Nietzsche is no doubt a very strange philosopher. Instead of a quest for truth and knowledge of the world and the mind, he explored the depths of the human instincts, and discovered in them a strength that put into question all the quests for "high ideals" on one side, and salvation on the other. His discovery of philosophy and religion as ideological elements of repression of the instincts made him reaffirm the human as it is given by nature. In this sense Nietzsche is an early psycologist. He saw in Christianity a war against nature, falsifying life and making it miserable, and in philosophy almost as mere fiction. (It is very important that, if we acknowledge that Nietzsche has a theory of ideology, it is far from the Marxist notion. For Nietzsche ideology is the will to power of base and weak minds, not of dominant social classes, consisting in a will to repress aspects of the human instincts that are falsely believed to be evil; hence, keeping under control strong and vigorous individuals with irrational and aristocratic tendencies. Marxism is included within these ideologies, and with good reason).

But what remains remarkable is that his discovery of human instincts was of such a depth that Jung's notion of inflation is clearly seen in his writings. His method of speaking through parables and metaphors is more akin to prophets than philosophers, and he even saw himself in that way. The fact that Nietzsche decided to title his autobiography as "ecce homo", the words Pontius Pilate supposedly said to the Jewish crown when presenting Jesus in John 19:5, is the first and direct signal that he is styling himself after Christ (more precisely as the Antichrist).

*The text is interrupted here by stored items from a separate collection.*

Lemma s_orth_A_TP a :
  s_orth ip (A_T T Tstar) a <-> forall k, Kset T Tstar k -> ip a.1 k = ip a.2 (T k).
Proof.
split=> [h k hk | h _ [k hk <-]]; last by rewrite /sform /= h ?subrr.
have := h _ (ex_intro2 _ _ k hk erefl); rewrite /sform /= -mulrBr => /eqP.
by rewrite mulf_eq0 (negbTE (neq0Ci _)) subr_eq0 => /eqP.
Qed.

Lemma Fdag_DpP z w :
  Fdag ip T Tstar (Dp z) w <-> forall k, Kset T Tstar k -> ip (T k) w = z * ip k w.
Proof.
split=> [[_ [[x ->] /s_orth_A_TP h] <-] k /h /= e | h].
  (* [N_] is elaborated with another instance path for the scalar action;
     [change] restores the one [ipZl] is stated with. *)
  change (ip (z^* *: x) k = ip x (T k)) in e.
  by rewrite ipC -e ipZl rmorphM /= conjCK -ipC.
exists (z^* *: w, w); last by [].
split; first by exists w.
apply/s_orth_A_TP => k hk /=; change (ip (z^* *: w) k = ip w (T k)).
by rewrite ipZl (ipC (T k)) h // rmorphM /= -ipC.
Qed.

Lemma Fdag_DmP z w :
  Fdag ip T Tstar (Dm z) w <-> forall k, Kset T Tstar k -> ip k w = z * ip (T k) w.
Proof.
split=> [[_ [[x ->] /s_orth_A_TP h] <-] k /h /= e | h].
  change (ip x k = ip (z^* *: x) (T k)) in e.
  by rewrite ipC e ipZl rmorphM /= conjCK -ipC.
exists (w, z^* *: w); last by [].
split; first by exists w.
apply/s_orth_A_TP => k hk /=; change (ip w k = ip (z^* *: w) (T k)).
by rewrite ipZl (ipC k) h // rmorphM /= -ipC.
Qed.

Lemma ip_K_eq0 w (L : H -> H) : scalable L ->
  (forall k, Kset T Tstar k -> rip w (L k) = 0) ->
  forall k, Kset T Tstar k -> ip w (L k) = 0.
Proof. by move=> hL h k hk; apply: ip_eq0_rip; [exact: h | rewrite -hL; apply/h/KsetZ]. Qed.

But don't get me wrong. The obvious deliriums of his late writings are no reason to discard him as a mere psychotic of no consequence. The difference between him and vulgar madmen are his ginius and his capacity to write. In this sense by styding himself in this state of collapse into the collective unconscious he is saying things about all of us, especially Westerns. This is the reason why he is still considered one of the most important and enlightened philosophers of our era. Definitively not because if his analytical capacities, but because of his acuteness in unmasking our instincts. The symbolic contents of his writings are another reason to believe Jung's system of human psyche; that deep within our unconscious there are collective symbols or archetypes that regulate basic psychical functions. Instead of believing with Freud in a purely biologically determined psyche, the favorite generalization of some neuro scientists, Jung's system explains these shared psychic functions not on cells, neurons or libido, but on contents of purely psychic nature.
Nietzsche, by collapsing on the collective unconscious with the respective psychotic consequences, demonstrates why in the search for our selves we need to pay heed to those symbolic images in religion that he wished to destroy so much.